THE National Railways of Zimbabwe (NRZ) has approached government for financial support to procure 41 locomotives, 300 wagons and 300 coaches as part of its turnaround strategy.
BY SILAS NKALA
This was revealed last Friday by Transport minister Joel Biggie Matiza in Bulawayo during the commissioning of the NRZ Railway Museum as a national tourism development site, where he also said most locomotives, wagons and coaches are more than a decade old.
“The NRZ has suffered in terms of spares for the locomotives, most of which are imported, and yet sanctions have not spared the parastatal as its locomotives are originally from countries that imposed sanctions on us like America and Canada,” Matiza said.
“It is in this light that the new NRZ management has requested the government to support the NRZ drive to get 41 locomotives, 300 wagons and 300 coaches to improve the parastatal’s capacity so that it breaks even,” he said.
Matiza said the NRZ should be capacitated in order to play its role in the economy and transport bulk goods which are often transported by road due to capacity problems at the rail company.
He said the NRZ last bought locomotives in 1992, and coaches in 1997. As a result, Matiza said the parastatal had resorted to hiring equipment and rehabilitating old wagons and coaches.

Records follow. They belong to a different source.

Lemma union_HM : HobbyMcKenzie (dstr G) -> HobbyMcKenzie (dstr H) -> HobbyMcKenzie side_union.
Proof.
move=> [nG [dG [eG [pG G_chain]]]] [nH [dH [eH [pH H_chain]]]].
exists (nG + nH); do 3 eexists; apply: union_HM_chain.
  exact: HM_chain_pad G_chain (leq_addr _ _).
exact: HM_chain_pad H_chain (leq_addl _ _).
Qed.

Lemma union_CM : CM (dstr G) -> CM (dstr H) -> CM side_union.
Proof.
move=> [nG [sG [pG G_chain]]] [nH [sH [pH H_chain]]].
exists (nG + nH); do 2 eexists; apply: union_CM_chain.
  exact: CM_chain_pad G_chain (leq_addr _ _).
exact: CM_chain_pad H_chain (leq_addl _ _).
Qed.

Lemma union_CD : CD (dstr G) -> CD (dstr H) -> CD side_union.
Proof.
move=> [nG [JG G_chain]] [nH [JH H_chain]].
exists (2 * (nG + nH).+1); eexists; apply: union_CD_chain.
- by rewrite oddM.
- by rewrite muln_gt0.
- by apply: CD_chain_pad G_chain _; lia.
- by apply: CD_chain_pad H_chain _; lia.
Qed.

Lemma union_exCnP : (exists n, CnP (dstr G) n) -> (exists n, CnP (dstr H) n) ->
  exists n, CnP side_union n.
Proof.
move=> [nG G_CnP] [nH H_CnP]; exists (nG + nH).+2; apply: union_CnP => //.
  by apply: CnP_pad G_CnP _; lia.
by apply: CnP_pad H_CnP _; lia.
Qed.

Lemma satisfies_side_union P :
  satisfies P (dstr G) -> satisfies P (dstr H) -> satisfies P side_union.
Proof.
have C2 := @union_CnP 2; have C3 := @union_CnP 3.
have := union_Taylor; have := union_SDmeet; have := union_HM.
have := union_CM; have := union_CD; have := union_exCnP.
by case: P => /=; rewrite /Maltsev /SDjoin; intuition.
Qed.

End Union.

Theorem theorem4p3 (P : property) (G H : digraph) :
  ((satisfies P (dstr G) /\ satisfies P (dstr H)) ->
     satisfies P (dunion G H) /\ satisfies P (ounion G H)) /\
  ((~ satisfies P (dstr G) \/ ~ satisfies P (dstr H)) -> ~ satisfies P (ounion G H)).
Proof.
split.
  move=> [PG PH]; split; first exact: (satisfies_side_union (us := [::])).
  apply: (satisfies_side_union (us := [:: fun u => is_left u; fun u => ~~ is_left u])) => //.
  by move=> U /= [<-|[<-|[]]] u v ->.
move=> not_PGH P_union; case: not_PGH; apply.
- apply: (satisfies_restrict (S := ounion G H) (R := dstr G) (e := inl)
    (r := fun d u => if u is inl a then a else d)
    (U := fun u => is_left u)) P_union => //=; first by left.
  by case=> [a|b]; split=> [|[c]] //=; exists a.
- apply: (satisfies_restrict (S := ounion G H) (R := dstr H) (e := inr)
    (r := fun d u => if u is inr b then b else d)
    (U := fun u => ~~ is_left u)) P_union => //=; first by right; left.
  by case=> [a|b]; split=> [|[c]] //=; exists b.
Qed.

The Transport minister also disclosed that the NRZ had accumulated huge debts due to decreased capacity levels which had seen the organisation reducing its workforce, as well as sharp reduction in tonnage from a high of 14 million tonnes in 1998 to a low of 2,7 million tonnes annually.

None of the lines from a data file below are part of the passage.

Theorem lemma6 (R : realType) (d n : nat) (hd : (0 < d)%N) (hn : (0 < n)%N)
  (A : 'M[R]_(3, n)) (hA : forall j : 'I_n, ~ eliminable A j) :
  exists b : 'cV[R]_3, ~ graph_connected (solset d A b).
Proof.
have mixedA l := mixed_of_not_eliminable (hA l).
have [|no_cross] := boolP (crossing A).
  case/existsP=> j /existsP [k /existsP [i /existsP [i']]].
  case/and3P=> ne_jk opp_j opp_k.
  exact: (disconnectable_of_crossing hd mixedA ne_jk opp_j opp_k).
have [k [k' [p [q [r [[opp_j opp_k opp_k'] [rj qk pk']]]]]]] :=
  cycle_of_no_crossing hA no_cross (Ordinal hn).
exact: (disconnectable_of_cycle hd mixedA opp_j opp_k opp_k' rj qk pk').
Qed.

“At present the entire railway industry in the country needs a concerted rehabilitation on track. While all over the world passenger train services are not profitable, the NRZ believes if the government supports its initiatives especially around commuter and intercity trains, it can find ways of breaking even especially by balancing the resources, vis-à-vis the service,” Matiza said.
“We request the government to support the passenger train services project with 300 state of the art coaches that can signal our drive towards government’s vision 2030 expectations.”

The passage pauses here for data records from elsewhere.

(* Let $\lambda$ be a dominant integral weight of $\mathfrak{sl}_{r+1}$, write $\lambda+\rho=(\ell_1>\ell_2>\cdots>\ell_r>\ell_{r+1}=0)$, and let $b\in\mathcal B(\lambda+\rho)$ with BZL path $\psi_{\mathbf i}(b)=(a_1,\dots,a_N)$. Let $1\le k\le N$ and suppose that $a_k=a_{j,j-i+1}$ in triangular indexing, where $1\le i\le j\le r$ (so that $i_k=i$ and $a_k=\mathbf a_{i,j}$). Put $b'=\tilde e_{i_{k-1}}^{a_{k-1}}\cdots\tilde e_{i_1}^{a_1}b$. Then $\ell_i-\mathbf b_{i,j}$ equals the number of $i$-boxes in the $i$th row of $b'$, and $\ell_{i+1}-\mathbf b_{i+1,j+1}$ equals the number of $(i+1)$-boxes in the $(i+1)$st row of $b'$.
   Context: Fix $r\ge1$ and $\mathfrak g=\mathfrak{sl}_{r+1}$ with index set $I=\{1,\dots,r\}$, fundamental weights $\omega_1,\dots,\omega_r$, $N=r(r+1)/2$, and $\rho=\sum_i\omega_i$. For a dominant integral weight $\mu=\sum_i m_i\omega_i$, $\mathcal B(\mu)$ is identified (Kashiwara–Nakashima) with the set of semistandard Young tableaux with entries in $\{1,\dots,r+1\}$ of the shape having $m_i$ columns of height $i$; an entry equal to $k$ is a $k$-box. A tableau is identified with the tensor product of its entries read column by column from right to left, each column top to bottom, and $\tilde e_i,\tilde f_i$ act by the signature rule: for each factor write $-$ if it equals $i+1$, $+$ if it equals $i$; repeatedly cancel adjacent $+-$ pairs; $\tilde e_i$ changes the factor of the rightmost remaining $-$ from $i+1$ to $i$ (giving $0$ if none), $\tilde f_i$ changes the factor of the leftmost remaining $+$ from $i$ to $i+1$ (giving $0$ if none). For dominant $\lambda$, $\lambda+\rho$ is viewed as the partition with row lengths $\ell_1>\ell_2>\cdots>\ell_r>\ell_{r+1}=0$ (the shape of tableaux in $\mathcal B(\lambda+\rho)$). Fix the long word $\mathbf i=(i_1,\dots,i_N)=(1,2,1,3,2,1,\dots,r,\dots,2,1)$. The BZL path $\psi_{\mathbf i}(b)=(a_1,\dots,a_N)$: $a_k$ is maximal with $\tilde e_{i_k}^{a_k}\cdots\tilde e_{i_1}^{a_1}b\ne0$. Triangular form: $a_{i,j}=a_{i(i-1)/2+j}$ for $1\le j\le i\le r$; it corresponds to letter $i-j+1$. For $b\in\mathcal B(\lambda+\rho)$ and $1\le i\le j\le r$: $\mathbf a_{i,j}$ is the number of $(j+1)$-boxes in rows $1$ through $i$ of $b$; $\mathbf b_{i,j}$ is the number of boxes in the $i$th row of $b$ with entry $\ge j+1$. By convention $\mathbf b_{i,j}=0$ if $i=r+1$ or $j=r+1$. *)

From mathcomp Require Import all_boot.
Set Implicit Arguments. Unset Strict Implicit. Unset Printing Implicit Defensive.

(* A tableau is the list of its rows (top row first); entries are 1..r+1. *)
Definition tableau := seq (seq nat).

(* 1-indexed row access: row T p is the p-th row (empty if absent). *)
Definition row (T : tableau) (p : nat) : seq nat := nth [::] T p.-1.

(* lambda = sum_p m_p omega_p is encoded by m = [:: m_1; ...; m_r].
   lambda + rho = sum_p (m_p + 1) omega_p; its p-th row length is
   ell_p = sum_{q = p}^{r} (m_q + 1)   (so ell_{r+1} = 0). *)
Definition ell (m : seq nat) (p : nat) : nat :=
  \sum_(p <= q < (size m).+1) (nth 0 m q.-1).+1.

(* Semistandard Young tableau with entries in {1..r+1} and row lengths
   sh 1, ..., sh r (T is an element of B(mu) when sh is the row-length
   function of mu). *)
Definition is_SSYT (r : nat) (sh : nat -> nat) (T : tableau) : Prop :=
  [/\ size T = r,
      forall p, 1 <= p <= r -> size (row T p) = sh p,
      forall p, 1 <= p <= r -> all (fun x => 1 <= x <= r.+1) (row T p),
      forall p, 1 <= p <= r -> sorted leq (row T p)
    & forall p c, 1 <= p < r -> c < size (row T p.+1) ->
        nth 0 (row T p) c < nth 0 (row T p.+1) c].

(* Cells (0-indexed (row, column)) in reading order: columns from right to
   left, each column from top to bottom. *)
Definition ncols (T : tableau) : nat := foldr maxn 0 (map size T).

Definition cells (T : tableau) : seq (nat * nat) :=
  flatten [seq [seq (k, c) | k <- iota 0 (size T) & c < size (nth [::] T k)]
          | c <- rev (iota 0 (ncols T))].

Definition entry (T : tableau) (kc : nat * nat) : nat :=
  nth 0 (nth [::] T kc.1) kc.2.

Definition word (T : tableau) : seq nat := map (entry T) (cells T).

(* A signature is a list of (position, sign), with
   sign = true for '+' and false for '-'.  cancel1 removes the first
   adjacent '+-' pair; iterating it (size s) times cancels all such pairs
   repeatedly. *)
Fixpoint cancel1 (s : seq (nat * bool)) : seq (nat * bool) :=
  match s with
  | x :: ((y :: s'') as s') => if x.2 && ~~ y.2 then s'' else x :: cancel1 s'
  | _ => s
  end.

Definition reduced (s : seq (nat * bool)) := iter (size s) cancel1 s.

Definition signature (i : nat) (w : seq nat) : seq (nat * bool) :=
  [seq (q, nth 0 w q == i) | q <- iota 0 (size w)
     & (nth 0 w q == i) || (nth 0 w q == i.+1)].

(* Kashiwara operator e~_i on a tableau; None stands for 0. *)
Definition e_op (i : nat) (T : tableau) : option tableau :=
  let w := word T in
  let minus := [seq q.1 | q <- reduced (signature i w) & ~~ q.2] in
  if minus is [::] then None else
  let kc := nth (0, 0) (cells T) (last 0 minus) in
  Some (set_nth [::] T kc.1 (set_nth 0 (nth [::] T kc.1) kc.2 i)).

Definition e_pow (i n : nat) (T : tableau) : option tableau :=
  iter n (fun o => obind (e_op i) o) (Some T).

(* e~_{w_n}^{a_n} ... e~_{w_1}^{a_1} T  (applied e_{w_1}^{a_1} first). *)
Fixpoint apply_e (ws as_ : seq nat) (T : tableau) : option tableau :=
  match ws, as_ with
  | i :: ws', a :: as' => obind (apply_e ws' as') (e_pow i a T)
  | _, _ => Some T
  end.

Definition long_word (r : nat) : seq nat :=
  flatten [seq rev (iota 1 p) | p <- iota 1 r].

Definition Nlen (r : nat) : nat := r * r.+1 %/ 2.

(* a = (a_1, ..., a_N) is the BZL path psi_i(T): for each k (here 0-indexed),
   a_k is maximal such that e~_{i_k}^{a_k} ... e~_{i_1}^{a_1} T <> 0. *)
Definition is_BZL_path (r : nat) (T : tableau) (a : seq nat) : Prop :=
  size a = Nlen r /\
  forall k, k < Nlen r ->
    let pre := apply_e (take k (long_word r)) (take k a) T in
    let i := nth 0 (long_word r) k in
    obind (e_pow i (nth 0 a k)) pre <> None /\
    (forall n, obind (e_pow i n) pre <> None -> n <= nth 0 a k).

(* bold b_{p,q}: number of boxes in row p with entry >= q+1;
   zero by convention when p = r+1 or q = r+1. *)
Definition bb (r : nat) (T : tableau) (p q : nat) : nat :=
  if (p == r.+1) || (q == r.+1) then 0
  else count (fun x => q.+1 <= x) (row T p).

(* For 1 <= t <= j <= r, [stage b j t] relabels b row by row: in row p the
   entries <= j become p and the entries j+1 become max(p, t+1).  The long
   word is the concatenation of the blocks (j, ..., 2, 1), and its letter t
   of block j sits at position tri j + (j - t), with tri j = j(j-1)/2.
   1. A signature -^x +^y (+-)^z reduces to -^x +^y ([e_op_pattern]).
   2. The t-signature of stage b j t has this form: its '-' are the boxes of
      rows 1..t holding j+1 in b, so the maximal power of e~_t lowers them to
      t one at a time and yields stage b j (t-1) ([e_pow_stage]).
   3. A BZL exponent is such a maximal power, so the prefix of the long word
      before letter t of block j maps b to stage b j t ([bzl_prefix_stage]).
   4. In stage b j i, the i-boxes of row i and the (i+1)-boxes of row i+1 are
      the former entries <= j, resp. <= j+1, of these rows ([count_row_stage]).
   Lemmas index rows and columns from 0; comments number rows from 1. *)

From mathcomp Require Import all_boot zify.
Set Implicit Arguments. Unset Strict Implicit. Unset Printing Implicit Defensive.

(* Entries are compared as atoms; keep [entry T (k, c)] folded. *)
Arguments entry T kc : simpl never.

Definition sign_pattern (x y z : nat) : seq bool :=
  nseq x false ++ nseq y true ++ flatten (nseq z [:: true; false]).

He said the NRZ was struggling to attract both long-term and short-term capital and was facing a huge debt burden which he said had literally put it in an insolvency state.
He appealed to the government to instil confidence in the NRZ through a Debt Assumption Bill to ensure that it focuses on an upward trajectory.
The Transport minister lauded the NRZ board led by Mike Dinha and the new general manager Joseph Mashika, saying they had worked hard to turn around the parastatal.
“Since we started our restructuring at NRZ this new team has set the organisation on a positive trajectory focused on achieving the government’s vision 2030,” Matiza said.